Independent Directors
The Board believes that a majority of its members should be independent directors. The Board has determined that, other than Mr. Dubois, all of its current directors, as well as each of the nominees for election, are independent directors as defined by the rules and regulations of the NASDAQ Stock Market.
The members of the Audit Committee and Compensation Committee of the Board each meet the independence standards established by the NASDAQ Stock Market and the U.S. Securities and Exchange Commission (the “SEC”) for audit committees and compensation committees. In addition, the Board has determined that of its current directors, Ms. Macleod and Mr. van Daele each satisfy the definition of an “audit committee financial expert” under SEC rules and regulations. These designations do not impose any duties, obligations or liabilities that are greater than those generally imposed as members of the Audit Committee and the Board, and the designation as audit committee financial expert does not affect the duties, obligations or liability of any other member of the Audit Committee or the Board.
Board Committees and Charters
The Board of Directors has three standing committees: the Audit Committee, Compensation Committee, and Nominating and Corporate Governance Committee. These committees assist the Board of Directors to perform its responsibilities and make informed decisions.
Audit Committee
The primary duties of the Audit Committee are to oversee (i) management’s conduct of our financial reporting process, including reviewing the financial reports and other financial information provided by the Company, and reviewing our systems of internal accounting and financial controls, (ii) our independent auditors’ qualifications and independence and the audit and non-audit services provided to the Company, and (iii) the engagement and performance of our independent auditors. The Audit Committee assists the Board in providing oversight of our financial and related activities, including capital market transactions.
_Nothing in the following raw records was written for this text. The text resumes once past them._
Lemma vle_subX1 x n : x \in A -> vle (x - 1) (x ^+ n - 1).
Proof. by move=> xA; rewrite subrX1; apply/vle_mulr/rpred_sum => i _; rewrite rpredX. Qed.

Lemma prim_root_memA n zeta : n.-primitive_root zeta -> zeta \in A.
Proof.
move=> zeta_prim; apply: (memA_root (prim_order_gt0 zeta_prim)).
by rewrite prim_expr_order ?rpred1.
Qed.

Lemma vle_prim_root_sub1 n zeta xi :
  n.-primitive_root zeta -> n.-primitive_root xi -> vle (zeta - 1) (xi - 1).
Proof.
move=> zeta_prim xi_prim.
have [k ->] := prim_rootP zeta_prim (prim_expr_order xi_prim).
exact/vle_subX1/(prim_root_memA zeta_prim).
Qed.

Section PrimeRootOfUnity.
Variables (p : nat) (zeta : F).
Hypotheses (p_prime : prime p) (zeta_prim : p.-primitive_root zeta).
Local Notation z := (zeta - 1).

Lemma prim_root_sub1_neq0 : z != 0.
Proof.
rewrite subr_eq0 -[zeta]expr1 -(prim_order_dvd zeta_prim) dvdn1.
by rewrite eqn_leq leqNgt prime_gt1.
Qed.

Lemma expr_prim_root_sub1_neq0 n : z ^+ n != 0.
Proof. exact/expf_neq0/prim_root_sub1_neq0. Qed.

Lemma memA_prim_root_sub1 : z \in A.
Proof. by rewrite rpredB ?rpred1 ?(prim_root_memA zeta_prim). Qed.

Lemma vle_prim_root_sub1_p : vle (z ^+ p.-1) p%:R /\ vle p%:R (z ^+ p.-1).
Proof.
have -> : z ^+ p.-1 = \prod_(1 <= i < p) z by rewrite prodr_const_nat subn1.
rewrite -(prim_root_prod_1_sub zeta_prim) !big_nat.
split; apply: vle_prod => i /andP[i_gt0 i_lt_p];
  have xi_prim : p.-primitive_root (zeta ^+ i) by
    rewrite prim_root_exp_coprime // coprime_sym prime_coprime // gtnNdvd.
- by apply/vleNr; rewrite opprB; apply: vle_prim_root_sub1 zeta_prim xi_prim.
- by apply/vleNl; rewrite opprB; apply: vle_prim_root_sub1 xi_prim zeta_prim.
Qed.

Lemma vle_expr_binomial i : (0 < i <= p)%N -> vle (z ^+ p) ('C(p, i)%:R * z ^+ i).
Proof.
case/andP => i_gt0; rewrite leq_eqVlt => /orP[/eqP -> | i_lt_p].
  by rewrite binn mul1r; apply: vle_refl.
have /dvdnP[m ->] : (p %| 'C(p, i))%N by apply: prime_dvd_bin; rewrite ?i_gt0.
have -> : (m * p)%:R * z ^+ i = p%:R * z * (m%:R * z ^+ i.-1) :> F.
  by rewrite natrM -{1}(prednK i_gt0) exprS; ring.
have -> : z ^+ p = z ^+ p.-1 * z by rewrite -exprSr prednK ?prime_gt0.
apply: vle_trans (vle_mulr _ _).
  exact/vle_mul/vle_refl/(proj1 vle_prim_root_sub1_p).
by rewrite rpredM ?rpred_nat ?rpredX ?memA_prim_root_sub1.
Qed.

Definition kummer_poly (h : F) : {poly F} :=
  \poly_(i < p.+1) (('C(p, i)%:R * z ^+ i - (i == 0%N)%:R * h) / z ^+ p).
Lemma schwarzian_norm_le h g a lam :
  (forall z, inD z -> harm_schwarzian h g z = schwarzian_closed a lam z) -> 0 <= lam < 1 ->
  Rbar_le (schwarzian_norm h g) (schwarzian_norm_bound a lam).
Proof.
  intros HS Hl. unfold schwarzian_norm.
  match goal with |- Rbar_le (Lub_Rbar ?E) _ => destruct (Lub_Rbar_correct E) as [_ Hlub] end.
  apply Hlub. intros x [z [Hz ->]]. simpl. rewrite HS by exact Hz.
  eapply Rle_trans;
    [apply schwarzian_closed_weighted_le | apply schwarzian_weighted_sum_le]; assumption.
Qed.

Theorem theorem2p3 (a lam : R) (h g : C -> C)
  (Hlam : 0 <= lam < 1)
  (Hh : forall z, inD z -> ex_derive (K := C_AbsRing) (V := C_NormedModule) h z)
  (Hg : forall z, inD z -> ex_derive (K := C_AbsRing) (V := C_NormedModule) g z)
  (Hh0 : h (RtoC 0) = RtoC 0) (Hg0 : g (RtoC 0) = RtoC 0)
  (Hk : forall z, inD z -> Cminus (h z) (g z) = k_fun a z)
  (Hdil : forall z, inD z -> Cder h z <> RtoC 0 /\
            Cdiv (Cder g z) (Cder h z) = Cmult (RtoC lam) z) :
  (forall z, inD z ->
     let L := RtoC lam in
     let A := RtoC a in
     let zb := Cconj z in
     let N2 := RtoC (1 - lam ^ 2 * Cmod z ^ 2) in
     let Q := Cminus 1 (Cmult z z) in
     let M := Cminus 1 (Cmult L z) in
     harm_schwarzian h g z =
       Cplus (Cplus (Cminus (Cplus
         (Cdiv (RtoC (2 * (1 - a ^ 2))) (Cmult Q Q))
         (Cdiv (Cmult L L) (Cmult 2 (Cmult M M))))
         (Cdiv (Cmult (Cmult 2 L) (Cplus z A)) (Cmult Q M)))
         (Cdiv (Cmult (Cmult (Cmult L L) zb)
                  (Cplus (Cplus (Cplus (Cmult (Cmult (RtoC (-3)) L) (Cmult z z))
                                       (Cmult (RtoC (2 * (1 - a * lam))) z))
                                (Cmult 2 A)) L))
               (Cmult (Cmult N2 Q) M)))
       (Copp (Cdiv (Cmult (RtoC (3 * lam ^ 4)) (Cmult zb zb)) (Cmult 2 (Cmult N2 N2)))))
  /\
  Rbar_le (schwarzian_norm h g)
    (Finite (lam ^ 4 + 2 * lam ^ 3 * (Rabs a + 1) + lam ^ 2 * (4 * Rabs a + 13 / 2)
             + 2 * lam * (Rabs a + 2) + 2 * Rabs (1 - a ^ 2))).
Proof.
  pose proof (harm_schwarzian_closed a lam h g Hlam Hh Hg Hk Hdil) as HS.
  split.
  - exact HS.
  - exact (schwarzian_norm_le h g a lam HS Hlam).
Qed.
Lemma psum_hterm_telescope (f : nat -> C) (c q a b x : C) (N : nat) :
  shifts_nonzero a -> shifts_nonzero b ->
  (forall n, f n = (a - 1 + INR n) * (b - 1 + INR n) * hterm c q a b x n
                   - hremainder c q a b x n) ->
  psum f N = (a - 1) * (b - 1) - hremainder c q a b x N.
Proof.
  intros Ha Hb Hf. rewrite (psum_ext _ _ N Hf).
  rewrite psum_telescope by (intro n; now apply hterm_scaled_succ).
  rewrite hterm_0. simpl INR. ring.
Qed.

Lemma contiguous_q_psum (c q a b x : C) (N : nat) : shifts_nonzero a -> shifts_nonzero b ->
  (a - q - 1) * (b - q - 1) * psum (hterm c q a b x) N
  + q * (a + b - 3 - 2 * q - (c - q - 1) * x) * psum (hterm c (q + 1) a b x) N
  + q * (1 + q) * (1 - x) * psum (hterm c (q + 2) a b x) N
  = (a - 1) * (b - 1) - hremainder c q a b x N.
Proof.
  intros Ha Hb. rewrite <- !psum_scal, <- !psum_plus.
  apply psum_hterm_telescope; [exact Ha | exact Hb | intro n; apply hterm_contiguous_q].
Qed.

Lemma contiguous_a_psum (c q a b x : C) (N : nat) :
  shifts_nonzero (a - 2) -> shifts_nonzero (a - 1) -> shifts_nonzero a -> shifts_nonzero b ->
  (a - 2) * (a - 1) * (1 - x) * psum (hterm c q (a - 2) b x) N
  + (a - 1) * ((2 * a - c - q - 3) * x - a + b + 1) * psum (hterm c q (a - 1) b x) N
  - (a - q - 1) * (a - c - 1) * x * psum (hterm c q a b x) N
  = (a - 1) * (b - 1) - hremainder c q a b x N.
Proof.
  intros Ha2 Ha1 Ha Hb. rewrite <- !psum_scal, <- psum_plus, <- psum_minus.
  apply psum_hterm_telescope; [exact Ha | exact Hb | intro n; now apply hterm_contiguous_a].
Qed.

Lemma contiguous_q_lim (c q a b x l0 l1 l2 : C) : shifts_nonzero a -> shifts_nonzero b ->
  Ccv (psum (hterm c q a b x)) l0 -> Ccv (psum (hterm c (q + 1) a b x)) l1 ->
  Ccv (psum (hterm c (q + 2) a b x)) l2 ->
  (a - q - 1) * (b - q - 1) * l0 + q * (a + b - 3 - 2 * q - (c - q - 1) * x) * l1
  + q * (1 + q) * (1 - x) * l2 = (a - 1) * (b - 1).
Proof.
  intros Ha Hb H0 H1 H2.
  eapply Ccv_lim_eq; [intro N; exact (contiguous_q_psum c q a b x N Ha Hb)
                    | eapply hremainder_lim_0; eassumption |].
  apply Ccv_plus; [apply Ccv_plus|]; now apply Ccv_scal.
Qed.

Lemma contiguous_a_lim (c q a b x l0 l1 l2 : C) :
  shifts_nonzero (a - 2) -> shifts_nonzero (a - 1) -> shifts_nonzero a -> shifts_nonzero b ->
  Cmod x < 1 ->
  Ccv (psum (hterm c q (a - 2) b x)) l2 -> Ccv (psum (hterm c q (a - 1) b x)) l1 ->
  Ccv (psum (hterm c q a b x)) l0 ->
  (a - 2) * (a - 1) * (1 - x) * l2 + (a - 1) * ((2 * a - c - q - 3) * x - a + b + 1) * l1
  - (a - q - 1) * (a - c - 1) * x * l0 = (a - 1) * (b - 1).
Proof.
  intros Ha2 Ha1 Ha Hb Hx H2 H1 H0.
  destruct (hseries_cv_disk c (q + 1) a b x Ha Hb Hx) as [m1 Hm1].
  destruct (hseries_cv_disk c (q + 2) a b x Ha Hb Hx) as [m2 Hm2].
  eapply Ccv_lim_eq; [intro N; exact (contiguous_a_psum c q a b x N Ha2 Ha1 Ha Hb)
                    | eapply hremainder_lim_0; eassumption |].
  apply Ccv_minus; [apply Ccv_plus|]; now apply Ccv_scal.
Qed.

Lemma contiguous_q_lim_one (a b c q : R) (l0 l1 : C) :
  shifts_nonzero a -> shifts_nonzero b -> (c + q + 2 < a + b)%R ->
  Ccv (psum (hterm c q a b 1)) l0 -> Ccv (psum (hterm c (q + 1)%R a b 1)) l1 ->
  RtoC ((a - q - 1) * (b - q - 1)) * l0 + RtoC (q * (a + b - c - 2 - q)) * l1
  = RtoC ((a - 1) * (b - 1)).
Proof.
  intros Ha Hb Hs H0 H1. rewrite RtoC_plus in H1.
  apply (Ccv_lim_eq (fun N => RtoC ((a - q - 1) * (b - q - 1)) * psum (hterm c q a b 1) N
                              + RtoC (q * (a + b - c - 2 - q)) * psum (hterm c (q + 1) a b 1) N)
                    (hremainder c q a b 1)).
  - intro N. rewrite !RtoC_mult, !RtoC_minus, !RtoC_plus.
    rewrite <- (contiguous_q_psum c q a b 1 N Ha Hb). ring.
  - now apply hremainder_lim_0_one.
  - apply Ccv_plus; now apply Ccv_scal.
Qed.

Lemma contiguous_a_lim_one (a b c q : R) (l0 l1 : C) :
  shifts_nonzero (a - 2)%R -> shifts_nonzero (a - 1)%R -> shifts_nonzero a -> shifts_nonzero b ->
  (c + q + 2 < a + b)%R ->
  Ccv (psum (hterm c q (a - 1)%R b 1)) l1 -> Ccv (psum (hterm c q a b 1)) l0 ->
  RtoC ((a - 1) * (a + b - c - q - 2)) * l1 - RtoC ((a - q - 1) * (a - c - 1)) * l0
  = RtoC ((a - 1) * (b - 1)).
Proof.
  intros Ha2 Ha1 Ha Hb Hs H1 H0. rewrite RtoC_minus in Ha2, Ha1, H1.
  apply (Ccv_lim_eq (fun N => RtoC ((a - 1) * (a + b - c - q - 2)) * psum (hterm c q (a - 1) b 1) N
                              - RtoC ((a - q - 1) * (a - c - 1)) * psum (hterm c q a b 1) N)
                    (hremainder c q a b 1)).
  - intro N. rewrite !RtoC_mult, !RtoC_minus, !RtoC_plus.
    rewrite <- (contiguous_a_psum c q a b 1 N Ha2 Ha1 Ha Hb). ring.
  - now apply hremainder_lim_0_one.
  - apply Ccv_minus; now apply Ccv_scal.
Qed.

(** * Back to the complex numbers of Defs *)

Definition toC (z : Cplx) : C := (Cre z, Cim z).
Definition ofC (z : C) : Cplx := mkC (fst z) (snd z).

Lemma toC_inj (z w : Cplx) : toC z = toC w -> z = w.
Proof. destruct z, w; unfold toC; simpl. intro E. now inversion E. Qed.

Lemma toC_ofC (z : C) : toC (ofC z) = z.
Proof. now destruct z. Qed.

Lemma toC_add (z w : Cplx) : toC (z + w)%Cx = toC z + toC w.
Proof. reflexivity. Qed.

Lemma toC_sub (z w : Cplx) : toC (z - w)%Cx = toC z - toC w.
Proof. reflexivity. Qed.

Lemma toC_mul (z w : Cplx) : toC (z * w)%Cx = toC z * toC w.
Proof. reflexivity. Qed.

Lemma toC_Cinv (z : Cplx) : toC (Defs.Cinv z) = / toC z.
Proof. reflexivity. Qed.

Lemma toC_RtoC (r : R) : toC (Defs.RtoC r) = r.
Proof. reflexivity. Qed.

Lemma toC_Cnat_1 : toC (Cnat 1) = 1.
Proof. reflexivity. Qed.

Lemma toC_Cnat_2 : toC (Cnat 2) = 2.
Proof. apply injective_projections; simpl; ring. Qed.

Lemma toC_Cnat_3 : toC (Cnat 3) = 3.
Proof. apply injective_projections; simpl; ring. Qed.

#[export] Hint Rewrite toC_ofC toC_add toC_sub toC_mul toC_RtoC toC_Cnat_1 toC_Cnat_2 toC_Cnat_3
  : toC.

Lemma toC_poch (z : Cplx) (n : nat) : toC (poch z n) = pochC (toC z) n.
Proof. induction n as [|n IH]; simpl; [reflexivity|]. now rewrite toC_mul, IH. Qed.

Lemma toC_Cpow (z : Cplx) (n : nat) : toC (Defs.Cpow z n) = Cpow (toC z) n.
Proof. induction n as [|n IH]; simpl; [reflexivity|]. now rewrite toC_mul, IH. Qed.

Lemma pochC_1 (n : nat) : pochC 1 n = INR (fact n).
Proof.
  induction n as [|n IH]; simpl pochC; [reflexivity|].
  rewrite IH, fact_simpl, mult_INR, S_INR, !RtoC_mult, !RtoC_plus. ring.
Qed.

Lemma toC_F32_term (c q a b x : Cplx) (n : nat) :
  toC (F32_term (Cnat 1) c q a b x n) = hterm (toC c) (toC q) (toC a) (toC b) (toC x) n.
Proof.
  unfold F32_term, hterm.
  rewrite !toC_mul, !toC_Cinv, !toC_mul, !toC_poch, toC_Cpow, toC_Cnat_1, pochC_1.
  change (toC (Cnat (fact n))) with (RtoC (INR (fact n))).
  set (D := / (pochC (toC a) n * pochC (toC b) n)).
  field. intro E. apply (INR_fact_neq_0 n). now apply (f_equal fst) in E.
Qed.

Lemma toC_Cpartial (f : nat -> Cplx) (N : nat) :
  toC (Cpartial f N) = psum (fun n => toC (f n)) N.
Proof. induction N as [|N IH]; simpl; [reflexivity|]. now rewrite toC_add, IH. Qed.

Lemma F32_cv_iff (c q a b x L : Cplx) :
  F32_cv (Cnat 1) c q a b x L
  <-> Ccv (psum (hterm (toC c) (toC q) (toC a) (toC b) (toC x))) (toC L).
Proof.
  assert (E : forall N, toC (Cpartial (F32_term (Cnat 1) c q a b x) N)
                        = psum (hterm (toC c) (toC q) (toC a) (toC b) (toC x)) N).
  { intro N. rewrite toC_Cpartial. apply psum_ext, toC_F32_term. }
  unfold F32_cv, Cseries_cv, Ccv. rewrite <- !is_lim_seq_Reals.
  split; intros [H1 H2]; split; (eapply is_lim_seq_ext; [|eassumption]); intro N; simpl;
    now rewrite <- E || rewrite E.
Qed.

Lemma shifts_nonzero_toC (z : Cplx) : ~ nonpos_int z -> shifts_nonzero (toC z).
Proof.
  intros Hz n E. apply Hz. exists n. destruct z as [zr zi].
  unfold toC in E; simpl in E. inversion E.
  unfold Defs.Copp, Cnat, Defs.RtoC; simpl. f_equal; lra.
Qed.

Lemma F32_cv_disk (c q a b x : Cplx) :
  ~ nonpos_int a -> ~ nonpos_int b -> Cnorm x < 1 -> exists L, F32_cv (Cnat 1) c q a b x L.
Proof.
  intros Ha Hb Hx.
  destruct (hseries_cv_disk (toC c) (toC q) (toC a) (toC b) (toC x)
              (shifts_nonzero_toC a Ha) (shifts_nonzero_toC b Hb) Hx) as [l Hl].
  exists (ofC l). now rewrite F32_cv_iff, toC_ofC.
Qed.

Lemma F32_cv_one (a b c q : R) :
  ~ nonpos_int (Defs.RtoC a) -> ~ nonpos_int (Defs.RtoC b) -> (c + q + 1 < a + b)%R ->
  exists L, F32_cv (Cnat 1) (Defs.RtoC c) (Defs.RtoC q) (Defs.RtoC a) (Defs.RtoC b) (Cnat 1) L.
Proof.
  intros Ha Hb Hs.
  destruct (hseries_cv_one a b c q (shifts_nonzero_toC _ Ha) (shifts_nonzero_toC _ Hb) Hs)
    as [l Hl].
  exists (ofC l). now rewrite F32_cv_iff, toC_ofC.
Qed.
End Contiguity.
Import Contiguity.

Theorem lemma7p2 :
  (forall a b c q : Cplx,
     ~ nonpos_int (a - Cnat 2)%Cx -> ~ nonpos_int (a - Cnat 1)%Cx ->
     ~ nonpos_int a -> ~ nonpos_int b ->
     forall x : Cplx, Cnorm x < 1 ->
     exists Fq Fq1 Fq2 Fam2 Fam1 Fa : Cplx,
       F32_cv (Cnat 1) c q a b x Fq /\
       F32_cv (Cnat 1) c (q + Cnat 1)%Cx a b x Fq1 /\
       F32_cv (Cnat 1) c (q + Cnat 2)%Cx a b x Fq2 /\
       F32_cv (Cnat 1) c q (a - Cnat 2)%Cx b x Fam2 /\
       F32_cv (Cnat 1) c q (a - Cnat 1)%Cx b x Fam1 /\
       F32_cv (Cnat 1) c q a b x Fa /\
       ((a - q - Cnat 1) * (b - q - Cnat 1) * Fq
        + q * (a + b - Cnat 3 - Cnat 2 * q - (c - q - Cnat 1) * x) * Fq1
        + q * (Cnat 1 + q) * (Cnat 1 - x) * Fq2
        = (a - Cnat 1) * (b - Cnat 1))%Cx /\
       ((a - Cnat 2) * (a - Cnat 1) * (Cnat 1 - x) * Fam2
        + (a - Cnat 1) * ((Cnat 2 * a - c - q - Cnat 3) * x - a + b + Cnat 1) * Fam1
        - (a - q - Cnat 1) * (a - c - Cnat 1) * x * Fa
        = (a - Cnat 1) * (b - Cnat 1))%Cx)
  /\
  (forall a b c q : R,
     ~ nonpos_int (RtoC (a - 2)) -> ~ nonpos_int (RtoC (a - 1)) ->
     ~ nonpos_int (RtoC a) -> ~ nonpos_int (RtoC b) ->
     a + b > c + q + 2 ->
     exists Fq Fq1 Fam1 Fa : Cplx,
       F32_cv (Cnat 1) (RtoC c) (RtoC q) (RtoC a) (RtoC b) (Cnat 1) Fq /\
       F32_cv (Cnat 1) (RtoC c) (RtoC (q + 1)) (RtoC a) (RtoC b) (Cnat 1) Fq1 /\
       F32_cv (Cnat 1) (RtoC c) (RtoC q) (RtoC (a - 1)) (RtoC b) (Cnat 1) Fam1 /\
       F32_cv (Cnat 1) (RtoC c) (RtoC q) (RtoC a) (RtoC b) (Cnat 1) Fa /\
       (RtoC ((a - q - 1) * (b - q - 1)) * Fq
        + RtoC (q * (a + b - c - 2 - q)) * Fq1
        = RtoC ((a - 1) * (b - 1)))%Cx /\
       (RtoC ((a - 1) * (a + b - c - q - 2)) * Fam1
        - RtoC ((a - q - 1) * (a - c - 1)) * Fa
        = RtoC ((a - 1) * (b - 1)))%Cx).
Proof.
  split.
  - intros a b c q Ha2 Ha1 Ha Hb x Hx.
    destruct (F32_cv_disk c q a b x Ha Hb Hx) as [Fq H0].
    destruct (F32_cv_disk c (q + Cnat 1)%Cx a b x Ha Hb Hx) as [Fq1 H1].
    destruct (F32_cv_disk c (q + Cnat 2)%Cx a b x Ha Hb Hx) as [Fq2 H2].
    destruct (F32_cv_disk c q (a - Cnat 2)%Cx b x Ha2 Hb Hx) as [Fam2 H3].
    destruct (F32_cv_disk c q (a - Cnat 1)%Cx b x Ha1 Hb Hx) as [Fam1 H4].
    exists Fq, Fq1, Fq2, Fam2, Fam1, Fq. do 6 (split; [assumption|]). split.
    all: apply toC_inj; rewrite F32_cv_iff in *.
    all: apply shifts_nonzero_toC in Ha2, Ha1, Ha, Hb; autorewrite with toC in *.
    + now apply contiguous_q_lim.
    + now apply contiguous_a_lim.
  - intros a b c q Ha2 Ha1 Ha Hb Hs.
    destruct (F32_cv_one a b c q Ha Hb ltac:(lra)) as [Fq H0].
    destruct (F32_cv_one a b c (q + 1) Ha Hb ltac:(lra)) as [Fq1 H1].
    destruct (F32_cv_one (a - 1) b c q Ha1 Hb ltac:(lra)) as [Fam1 H2].
    exists Fq, Fq1, Fam1, Fq. do 4 (split; [assumption|]). split.
    all: apply toC_inj; rewrite F32_cv_iff in *.
    all: apply shifts_nonzero_toC in Ha2, Ha1, Ha, Hb; autorewrite with toC in *.
    + now apply contiguous_q_lim_one.
    + now apply contiguous_a_lim_one.
Qed.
The Audit Committee has a charter, a copy of which is available on our website at www.trackgrp.com.
The Audit Committee meets with our Chief Financial Officer and with our independent registered public accounting firm and evaluates the responses by the Chief Financial Officer both to the facts presented and to the judgments made by our independent registered public accounting firm. The Audit Committee met four times during fiscal year 2016 and all members of the Audit Committee attended at least 75% of the Committee’s meetings.
Members of the Audit Committee currently consist of Ms. Macleod, Mr. Rosenblum and Mr. van Daele. Each member of the Audit Committee, satisfies, according to the full Board of Directors, the definition of independent director as established in the NASDAQ Stock Market Rules and are financially literate. In accordance with Section 407 of the Sarbanes-Oxley Act of 2002, the Board of Directors designated Ms. Macleod as the Audit Committee’s “Audit Committee Financial Expert” as defined by the applicable regulations promulgated by the SEC.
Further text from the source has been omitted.